**Description of the task**
Search the data for the string "curl", and report each line where it is found.

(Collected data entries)
☆ ☆ ☆ ☆

(* Every smooth planar stationary magnetic field with an additional symmetry is, up to the symmetries of the Hall-MHD / electron-MHD systems (translations, rotations, reflections), of one of the forms $$\mathring{\mathbf B}=f(y)\partial_x,\qquad \mathring{\mathbf B}=(c_1y+c_0)\partial_x+d\,\partial_y,\qquad \mathring{\mathbf B}=g(x^2+y^2)(x\partial_y-y\partial_x),$$ where $f,g$ are smooth functions and $c_0,c_1,d\in\mathbb R$.
   Context: A planar stationary magnetic field with an additional symmetry is a time-independent vector field $\mathring{\mathbf B}$ on $\mathbb R^3$ (coordinates $(x,y,z)$) such that: $\nabla\cdot\mathring{\mathbf B}=0$ and $(\nabla\times\mathring{\mathbf B})\times\mathring{\mathbf B}$ is a pure gradient (stationarity); $\mathring{\mathbf B}$ is independent of $z$ and $\mathring{\mathbf B}^z=0$ (planarity); and $\mathring{\mathbf B}^x\partial_x+\mathring{\mathbf B}^y\partial_y$, viewed as a vector field on $\mathbb R^2_{x,y}$, is invariant under a one-parameter family of isometries of $\mathbb R^2_{x,y}$. *)

From Stdlib Require Import Reals List.
From Coquelicot Require Import Coquelicot.
Open Scope R_scope.

Definition fun3 := R -> R -> R -> R.

Inductive dir3 := DX | DY | DZ.

Definition pd3 (d : dir3) (f : fun3) : fun3 :=
  match d with
  | DX => fun x y z => Derive (fun t => f t y z) x
  | DY => fun x y z => Derive (fun t => f x t z) y
  | DZ => fun x y z => Derive (fun t => f x y t) z
  end.

Definition ex_pd3 (d : dir3) (f : fun3) : Prop :=
  match d with
  | DX => forall x y z, ex_derive (fun t => f t y z) x
  | DY => forall x y z, ex_derive (fun t => f x t z) y
  | DZ => forall x y z, ex_derive (fun t => f x y t) z
  end.

Definition iter_pd3 (l : list dir3) (f : fun3) : fun3 := fold_right pd3 f l.

Definition continuous3 (f : fun3) : Prop :=
  forall x y z,
    continuous (fun p : R * R * R => f (fst (fst p)) (snd (fst p)) (snd p)) (x, y, z).

Definition smooth3 (f : fun3) : Prop :=
  forall l : list dir3,
    continuous3 (iter_pd3 l f) /\ forall d, ex_pd3 d (iter_pd3 l f).

Definition smooth1 (f : R -> R) : Prop :=
  forall n : nat, forall x, ex_derive (Derive_n f n) x.

Record vfield3 := VF3 { Vx : fun3 ; Vy : fun3 ; Vz : fun3 }.

Definition smooth_vf3 (B : vfield3) : Prop :=
  smooth3 (Vx B) /\ smooth3 (Vy B) /\ smooth3 (Vz B).

Definition divergence (B : vfield3) : fun3 :=
  fun x y z => pd3 DX (Vx B) x y z + pd3 DY (Vy B) x y z + pd3 DZ (Vz B) x y z.

Definition curl (B : vfield3) : vfield3 :=
  VF3 (fun x y z => pd3 DY (Vz B) x y z - pd3 DZ (Vy B) x y z)
      (fun x y z => pd3 DZ (Vx B) x y z - pd3 DX (Vz B) x y z)
      (fun x y z => pd3 DX (Vy B) x y z - pd3 DY (Vx B) x y z).

Definition cross (A B : vfield3) : vfield3 :=
  VF3 (fun x y z => Vy A x y z * Vz B x y z - Vz A x y z * Vy B x y z)
      (fun x y z => Vz A x y z * Vx B x y z - Vx A x y z * Vz B x y z)
      (fun x y z => Vx A x y z * Vy B x y z - Vy A x y z * Vx B x y z).

Definition is_gradient (F : vfield3) : Prop :=
  exists p : fun3, forall x y z,
    is_derive (fun t => p t y z) x (Vx F x y z) /\
    is_derive (fun t => p x t z) y (Vy F x y z) /\
    is_derive (fun t => p x y t) z (Vz F x y z).

Definition stationary (B : vfield3) : Prop :=
  (forall x y z, divergence B x y z = 0) /\ is_gradient (cross (curl B) B).

Definition planar (B : vfield3) : Prop :=
  (forall x y z, Vz B x y z = 0) /\
  (forall x y z, Vx B x y z = Vx B x y 0 /\ Vy B x y z = Vy B x y 0).

Definition planar_part (B : vfield3) : R * R -> R * R :=
  fun p => (Vx B (fst p) (snd p) 0, Vy B (fst p) (snd p) 0).

(* An isometry of R^2 is an affine map p |-> Q p + b with Q orthogonal. *)
Record isom2 := mkIsom2 { Q11 : R ; Q12 : R ; Q21 : R ; Q22 : R ; T1 : R ; T2 : R }.

Definition orthogonal2 (g : isom2) : Prop :=
  Q11 g * Q11 g + Q21 g * Q21 g = 1 /\
  Q12 g * Q12 g + Q22 g * Q22 g = 1 /\
  Q11 g * Q12 g + Q21 g * Q22 g = 0.

Definition act (g : isom2) (p : R * R) : R * R :=
  (Q11 g * fst p + Q12 g * snd p + T1 g, Q21 g * fst p + Q22 g * snd p + T2 g).

Definition lin (g : isom2) (v : R * R) : R * R :=
  (Q11 g * fst v + Q12 g * snd v, Q21 g * fst v + Q22 g * snd v).

Definition pushforward_eq (g : isom2) (V W : R * R -> R * R) : Prop :=
  forall p, W (act g p) = lin g (V p).

Definition invariant_under (g : isom2) (V : R * R -> R * R) : Prop :=
  pushforward_eq g V V.

Definition one_param_group (phi : R -> isom2) : Prop :=
  (forall t, orthogonal2 (phi t)) /\
  (forall p, act (phi 0) p = p) /\
  (forall s t p, act (phi (s + t)) p = act (phi s) (act (phi t) p)) /\
  (forall t, continuity_pt (fun s => Q11 (phi s)) t /\
             continuity_pt (fun s => Q12 (phi s)) t /\
             continuity_pt (fun s => Q21 (phi s)) t /\
             continuity_pt (fun s => Q22 (phi s)) t /\
             continuity_pt (fun s => T1 (phi s)) t /\
             continuity_pt (fun s => T2 (phi s)) t) /\
  (exists t p, act (phi t) p <> p).

Definition has_additional_symmetry (V : R * R -> R * R) : Prop :=
  exists phi : R -> isom2, one_param_group phi /\ forall t, invariant_under (phi t) V.

Definition form_shear (W : R * R -> R * R) : Prop :=
  exists f : R -> R, smooth1 f /\ forall x y, W (x, y) = (f y, 0).

Definition form_affine (W : R * R -> R * R) : Prop :=
  exists c1 c0 d : R, forall x y, W (x, y) = (c1 * y + c0, d).

Definition form_rotational (W : R * R -> R * R) : Prop :=
  exists g : R -> R, smooth1 g /\
    forall x y, W (x, y) = (- (y * g (x ^ 2 + y ^ 2)), x * g (x ^ 2 + y ^ 2)).

(* The one-parameter group is a continuous homomorphism from R into the Euclidean group of the
   plane, and its linear part, being a square, is a rotation.

   If no rotation occurs, the translation parts are additive and continuous, hence linear, so
   the field is invariant along a unit direction; in adapted coordinates it is [(a y, b y)].
   Incompressibility makes [b] constant and the force [(curl B) x B] being a gradient makes
   [a' b] constant, so either [b = 0] (a shear) or [a] is affine.

   Otherwise some [phi t0] is a nontrivial rotation; its centre is fixed by the whole group and
   the angles fill the circle, so the field is invariant under all rotations about the centre.
   Incompressibility kills the radial component, and the angular component is a smooth odd
   function of the radius, hence [r g (r^2)] with [g] smooth by Whitney's theorem, proved here
   from Hadamard's lemma and Borel's lemma. *)

From Stdlib Require Import Reals Lra Lia ZArith List FunctionalExtensionality Classical IndefiniteDescription.
From Coquelicot Require Import Coquelicot.
Open Scope R_scope.

(** * Derivatives of real functions *)

(* Coquelicot's generic lemmas do not unify with [Rplus], [Rmult] on [R -> R]. *)
Lemma ex_derive_Rplus (f g : R -> R) x :
  ex_derive f x -> ex_derive g x -> ex_derive (fun y => f y + g y) x.
Proof. intros [a Ha] [b Hb]. exists (a + b). now apply (is_derive_plus (K := R_AbsRing) (V := R_NormedModule)). Qed.

Lemma ex_derive_Rcontinuous (f : R -> R) x : ex_derive f x -> continuous f x.
Proof. exact (ex_derive_continuous (K := R_AbsRing) (V := R_NormedModule) f x). Qed.

Lemma is_derive_Rconst (c x : R) : is_derive (fun _ => c) x 0.
Proof. exact (is_derive_const (K := R_AbsRing) (V := R_NormedModule) c x). Qed.

Lemma is_derive_Rid (x : R) : is_derive (fun y => y) x 1.
Proof. exact (is_derive_id (K := R_AbsRing) x). Qed.

Lemma is_derive_Rplus (f g : R -> R) (x a b : R) :
  is_derive f x a -> is_derive g x b -> is_derive (fun y => f y + g y) x (a + b).
Proof. exact (is_derive_plus (K := R_AbsRing) (V := R_NormedModule) f g x a b). Qed.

☆ ☆ ☆ ☆

**Answer for this exercise**
Definition curl (B : vfield3) : vfield3 :=
  (forall x y z, divergence B x y z = 0) /\ is_gradient (cross (curl B) B).
   Incompressibility makes [b] constant and the force [(curl B) x B] being a gradient makes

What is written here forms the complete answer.